■ **DATA EXTRACT**
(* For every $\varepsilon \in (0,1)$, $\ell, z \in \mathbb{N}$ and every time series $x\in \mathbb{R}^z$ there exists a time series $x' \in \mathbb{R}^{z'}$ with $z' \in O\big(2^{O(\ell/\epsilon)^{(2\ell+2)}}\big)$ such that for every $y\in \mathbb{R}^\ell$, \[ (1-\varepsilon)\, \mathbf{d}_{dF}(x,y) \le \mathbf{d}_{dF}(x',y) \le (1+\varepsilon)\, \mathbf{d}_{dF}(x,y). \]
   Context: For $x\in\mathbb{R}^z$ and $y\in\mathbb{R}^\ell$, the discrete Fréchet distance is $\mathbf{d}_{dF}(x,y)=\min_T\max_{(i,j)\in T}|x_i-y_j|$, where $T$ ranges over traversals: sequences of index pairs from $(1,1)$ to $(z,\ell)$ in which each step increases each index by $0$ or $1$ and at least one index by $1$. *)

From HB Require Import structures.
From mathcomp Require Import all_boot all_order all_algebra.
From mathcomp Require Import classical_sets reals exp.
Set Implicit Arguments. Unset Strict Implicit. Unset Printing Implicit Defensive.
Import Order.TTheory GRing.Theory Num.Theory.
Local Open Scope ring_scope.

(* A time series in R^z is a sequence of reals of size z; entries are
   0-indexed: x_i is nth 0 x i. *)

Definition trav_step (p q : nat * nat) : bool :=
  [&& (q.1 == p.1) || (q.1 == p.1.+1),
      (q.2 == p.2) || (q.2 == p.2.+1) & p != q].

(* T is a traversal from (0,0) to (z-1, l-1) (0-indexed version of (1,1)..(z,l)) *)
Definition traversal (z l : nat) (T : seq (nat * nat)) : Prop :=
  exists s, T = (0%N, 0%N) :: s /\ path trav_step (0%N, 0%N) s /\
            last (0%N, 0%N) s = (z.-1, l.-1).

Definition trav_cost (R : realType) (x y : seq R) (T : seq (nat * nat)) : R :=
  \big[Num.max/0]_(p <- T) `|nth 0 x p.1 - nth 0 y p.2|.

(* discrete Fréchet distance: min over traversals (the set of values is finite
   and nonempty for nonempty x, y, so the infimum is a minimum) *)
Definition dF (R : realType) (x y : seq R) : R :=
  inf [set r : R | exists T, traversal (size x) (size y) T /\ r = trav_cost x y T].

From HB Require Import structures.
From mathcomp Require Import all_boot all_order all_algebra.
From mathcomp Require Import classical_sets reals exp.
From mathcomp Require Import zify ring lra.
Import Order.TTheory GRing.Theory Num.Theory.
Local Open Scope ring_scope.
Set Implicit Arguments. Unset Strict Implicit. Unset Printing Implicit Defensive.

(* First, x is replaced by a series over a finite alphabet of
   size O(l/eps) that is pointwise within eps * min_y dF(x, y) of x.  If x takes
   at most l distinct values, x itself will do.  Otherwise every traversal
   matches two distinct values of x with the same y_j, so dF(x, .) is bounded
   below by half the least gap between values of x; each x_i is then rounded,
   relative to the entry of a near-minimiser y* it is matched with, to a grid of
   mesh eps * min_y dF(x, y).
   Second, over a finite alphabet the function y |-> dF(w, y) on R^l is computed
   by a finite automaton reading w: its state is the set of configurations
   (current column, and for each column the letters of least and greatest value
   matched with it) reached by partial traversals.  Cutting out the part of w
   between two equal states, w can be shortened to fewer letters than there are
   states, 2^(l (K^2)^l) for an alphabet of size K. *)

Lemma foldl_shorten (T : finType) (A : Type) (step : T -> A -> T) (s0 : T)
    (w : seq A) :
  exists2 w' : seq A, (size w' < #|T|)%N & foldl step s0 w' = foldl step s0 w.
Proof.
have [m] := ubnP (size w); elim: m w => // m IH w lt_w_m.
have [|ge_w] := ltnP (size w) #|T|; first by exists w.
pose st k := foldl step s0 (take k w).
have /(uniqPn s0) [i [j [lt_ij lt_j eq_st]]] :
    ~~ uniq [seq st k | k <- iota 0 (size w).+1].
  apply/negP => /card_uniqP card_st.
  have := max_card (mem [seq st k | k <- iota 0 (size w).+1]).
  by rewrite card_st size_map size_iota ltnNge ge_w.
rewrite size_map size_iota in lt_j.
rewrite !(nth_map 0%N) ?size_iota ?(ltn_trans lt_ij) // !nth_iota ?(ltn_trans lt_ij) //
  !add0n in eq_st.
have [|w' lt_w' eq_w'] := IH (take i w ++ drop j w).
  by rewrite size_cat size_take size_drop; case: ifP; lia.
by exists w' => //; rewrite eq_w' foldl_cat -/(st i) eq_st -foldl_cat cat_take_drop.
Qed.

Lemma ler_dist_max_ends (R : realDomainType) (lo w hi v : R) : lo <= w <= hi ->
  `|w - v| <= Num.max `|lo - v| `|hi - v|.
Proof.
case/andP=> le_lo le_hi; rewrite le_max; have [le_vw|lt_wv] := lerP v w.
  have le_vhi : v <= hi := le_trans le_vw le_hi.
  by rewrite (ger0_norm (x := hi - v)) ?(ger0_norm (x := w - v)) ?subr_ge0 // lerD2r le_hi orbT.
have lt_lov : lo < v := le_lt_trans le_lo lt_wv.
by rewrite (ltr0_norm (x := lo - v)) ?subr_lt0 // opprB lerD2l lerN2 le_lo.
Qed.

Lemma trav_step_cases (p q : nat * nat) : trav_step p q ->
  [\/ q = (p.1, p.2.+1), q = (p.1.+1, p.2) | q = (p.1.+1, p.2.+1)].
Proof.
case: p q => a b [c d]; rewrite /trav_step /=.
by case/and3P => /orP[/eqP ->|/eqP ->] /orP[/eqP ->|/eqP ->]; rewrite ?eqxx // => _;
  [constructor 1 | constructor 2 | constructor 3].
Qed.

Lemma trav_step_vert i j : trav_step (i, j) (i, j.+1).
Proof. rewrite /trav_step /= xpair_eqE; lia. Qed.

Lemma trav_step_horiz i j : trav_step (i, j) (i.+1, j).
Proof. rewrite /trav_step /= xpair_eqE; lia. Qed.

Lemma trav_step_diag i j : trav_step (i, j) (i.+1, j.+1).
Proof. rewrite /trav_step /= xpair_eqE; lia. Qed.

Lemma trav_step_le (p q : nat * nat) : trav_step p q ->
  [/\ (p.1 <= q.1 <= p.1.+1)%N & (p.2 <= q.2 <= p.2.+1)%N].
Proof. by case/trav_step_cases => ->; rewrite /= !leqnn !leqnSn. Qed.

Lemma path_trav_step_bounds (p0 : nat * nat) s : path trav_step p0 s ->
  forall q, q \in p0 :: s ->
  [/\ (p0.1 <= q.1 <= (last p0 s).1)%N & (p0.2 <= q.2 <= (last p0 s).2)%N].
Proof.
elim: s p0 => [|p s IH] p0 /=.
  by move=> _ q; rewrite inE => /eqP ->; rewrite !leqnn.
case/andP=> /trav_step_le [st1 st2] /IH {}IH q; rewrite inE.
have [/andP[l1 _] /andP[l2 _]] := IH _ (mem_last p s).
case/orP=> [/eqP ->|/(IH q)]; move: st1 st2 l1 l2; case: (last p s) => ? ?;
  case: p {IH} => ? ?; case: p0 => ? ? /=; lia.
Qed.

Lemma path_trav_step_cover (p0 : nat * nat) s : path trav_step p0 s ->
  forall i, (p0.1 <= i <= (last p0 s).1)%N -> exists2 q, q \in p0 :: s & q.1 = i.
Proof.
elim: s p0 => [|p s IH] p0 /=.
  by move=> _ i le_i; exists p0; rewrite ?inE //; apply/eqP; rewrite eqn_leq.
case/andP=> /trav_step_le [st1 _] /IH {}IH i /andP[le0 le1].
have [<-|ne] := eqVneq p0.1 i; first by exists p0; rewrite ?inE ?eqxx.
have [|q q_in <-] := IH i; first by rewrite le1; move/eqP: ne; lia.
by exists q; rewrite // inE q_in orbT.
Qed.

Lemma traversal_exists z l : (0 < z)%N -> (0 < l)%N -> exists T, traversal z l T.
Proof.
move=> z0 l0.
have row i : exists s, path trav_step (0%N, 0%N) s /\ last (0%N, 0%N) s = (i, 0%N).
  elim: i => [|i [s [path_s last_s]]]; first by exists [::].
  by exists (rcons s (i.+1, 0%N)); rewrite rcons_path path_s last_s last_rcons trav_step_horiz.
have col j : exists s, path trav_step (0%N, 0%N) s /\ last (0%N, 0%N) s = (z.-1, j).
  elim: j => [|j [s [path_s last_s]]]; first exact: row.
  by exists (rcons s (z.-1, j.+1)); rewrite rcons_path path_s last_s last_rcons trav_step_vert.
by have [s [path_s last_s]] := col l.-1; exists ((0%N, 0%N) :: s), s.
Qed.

■ **YOUR ASSIGNMENT**
Filter the listing above by the word "andP"; copy each line that passes.

■ **RESULT OF THE TASK**
case/andP=> le_lo le_hi; rewrite le_max; have [le_vw|lt_wv] := lerP v w.
case/andP=> /trav_step_le [st1 st2] /IH {}IH q; rewrite inE.
have [/andP[l1 _] /andP[l2 _]] := IH _ (mem_last p s).
case/andP=> /trav_step_le [st1 _] /IH {}IH i /andP[le0 le1].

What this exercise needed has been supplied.